A notable feature of bitsandbytes is its ability to selectively quantize parts of the model. For instance, you might load attention layers in 8-bit while maintaining full precision for the output layer. This flexibility allows control over the balance between performance and resource savings.

Applying It in Code: Loading a Model in 8-bit

To load a popular transformer model, such as LLaMA or BLOOM, using Hugging Face in 8-bit, follow these steps. First, ensure you have the required libraries:

pip install transformers accelerate bitsandbytes

Then, you can use the following pattern in your code:

from transformers import AutoModelForCausalLM, AutoTokenizer
import torch

model_name = "bigscience/bloom-1b1"
model = AutoModelForCausalLM.from_pretrained(
    model_name,
    load_in_8bit=True,
    device_map="auto"
)

tokenizer = AutoTokenizer.from_pretrained(model_name)
inputs = tokenizer("What's the capital of France?", return_tensors="pt").to(model.device)
outputs = model.generate(**inputs)
print(tokenizer.decode(outputs[0], skip_special_tokens=True))
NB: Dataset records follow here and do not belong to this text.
Lemma nearly_flat_close_to_zero n x L th eta R : 0 < eta -> 0 < th <= R + L ->
  Rabs (x / bpow n - x0) < delta / 2 -> L < delta * bpow n / 2 ->
  Rabs (x - x0 * bpow n) <= R ->
  ln (R + L) + (ln (R + L) - ln th) / eta < ln (bpow n) ->
  exists A e, 0 < A /\ nearly_flat (fun t => h (ln t)) A e x L th eta.
Proof.
  intros He Hth Hx HL HR HK.
  assert (Hgap : 0 <= (ln (R + L) - ln th) / eta).
  { apply Rmult_le_pos; [| left; apply Rinv_0_lt_compat; lra].
    assert (ln th <= ln (R + L)) by (apply ln_le; lra). lra. }
  apply (nearly_flat_log_zero n x L th eta th (R + L)); [lra | lra | lra | |].
  - replace (ln (R + L) - ln th) with (eta * ((ln (R + L) - ln th) / eta)) at 1 by (field; lra).
    apply Rmult_le_compat_l; lra.
  - intros t Ht. assert (Htz := Rabs_sub_window x t (x0 * bpow n) L Ht).
    repeat split; [apply (log_zone_window n x L t); auto | lra | auto].
Qed.

(* Far from the zero [x0 * b^n] compared with the window size, [ln |t - x0 * b^n|]
   barely moves, while [ln b^n - ln |t - x0 * b^n| >= - ln delta] stays bounded below. *)
Lemma nearly_flat_away_from_zero n x L th eta : 0 < eta -> 0 < L ->
  Rabs (x / bpow n - x0) < delta / 2 -> L < delta * bpow n / 2 ->
  L + 2 * L / (eta * - ln delta) < Rabs (x - x0 * bpow n) ->
  exists A e, 0 < A /\ nearly_flat (fun t => h (ln t)) A e x L th eta.
Proof.
  intros He HL Hx HLB Hfar.
  assert (HB : 0 < bpow n) by apply exp_pos.
  assert (Hlam : 0 < - ln delta).
  { assert (ln delta < ln 1) by (apply ln_increasing; lra). rewrite ln_1 in *. lra. }
  assert (HR : 0 < 2 * L / (eta * - ln delta)) by (apply Rdiv_lt_0_compat; nra).
  assert (Hxz : Rabs (x - x0 * bpow n) < delta * bpow n / 2) by (rewrite Rabs_sub_scale; nra).
  set (d := Rabs (x - x0 * bpow n)) in *.
  assert (Hlog : ln (d + L) < ln delta + ln (bpow n)).
  { rewrite <- ln_mult by lra. apply ln_increasing; lra. }
  assert (Hratio : 2 * L / (d - L) <= eta * - ln delta).
  { apply Rmult_le_reg_r with (d - L); [lra|].
    unfold Rdiv. rewrite Rmult_assoc, Rinv_l by lra.
    assert (2 * L / (eta * - ln delta) * (eta * - ln delta) = 2 * L) by (field; nra).
    nra. }
  apply (nearly_flat_log_zero n x L th eta (d - L) (d + L)); [lra | lra | lra | |].
  - apply Rle_trans with (2 * L / (d - L)).
    + replace (2 * L) with (d + L - (d - L)) by ring. apply ln_sub_le; lra.
    + apply Rle_trans with (eta * - ln delta); [exact Hratio|].
      apply Rmult_le_compat_l; lra.
  - intros t Ht. assert (Htz := Rabs_sub_window x t (x0 * bpow n) L Ht). fold d in Htz.
    repeat split; [apply (log_zone_window n x L t); auto | lra | intros; lra].
Qed.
Here, load_in_8bit=True enables bitsandbytes integration, loading the model in 8-bit precision, which drastically reduces memory usage. device_map="auto" utilizes Accelerate to distribute the model across available devices, whether one or multiple GPUs.

This example demonstrates the ease of adopting 8-bit inference without extensive code modifications or dealing with low-level details. It enables running billion-parameter models on a single GPU with as little as 16 GB of memory.

For training with 8-bit optimizers, use similar patterns with Trainer or custom training loops, referencing the 8-bit optimizers provided by bitsandbytes. The training process remains familiar but with enhanced efficiency and reduced memory overhead.

Conclusion

8-bit matrix multiplication, combined with bitsandbytes, Hugging Face Transformers, and Accelerate, simplifies the efficient operation of large transformer models. It significantly reduces memory and computational demands while maintaining performance. This approach empowers developers to utilize powerful models on more modest hardware. If you’re working with transformers, exploring 8-bit precision could help you scale more effectively while keeping costs and hardware requirements low—it’s a practical and surprisingly effective strategy.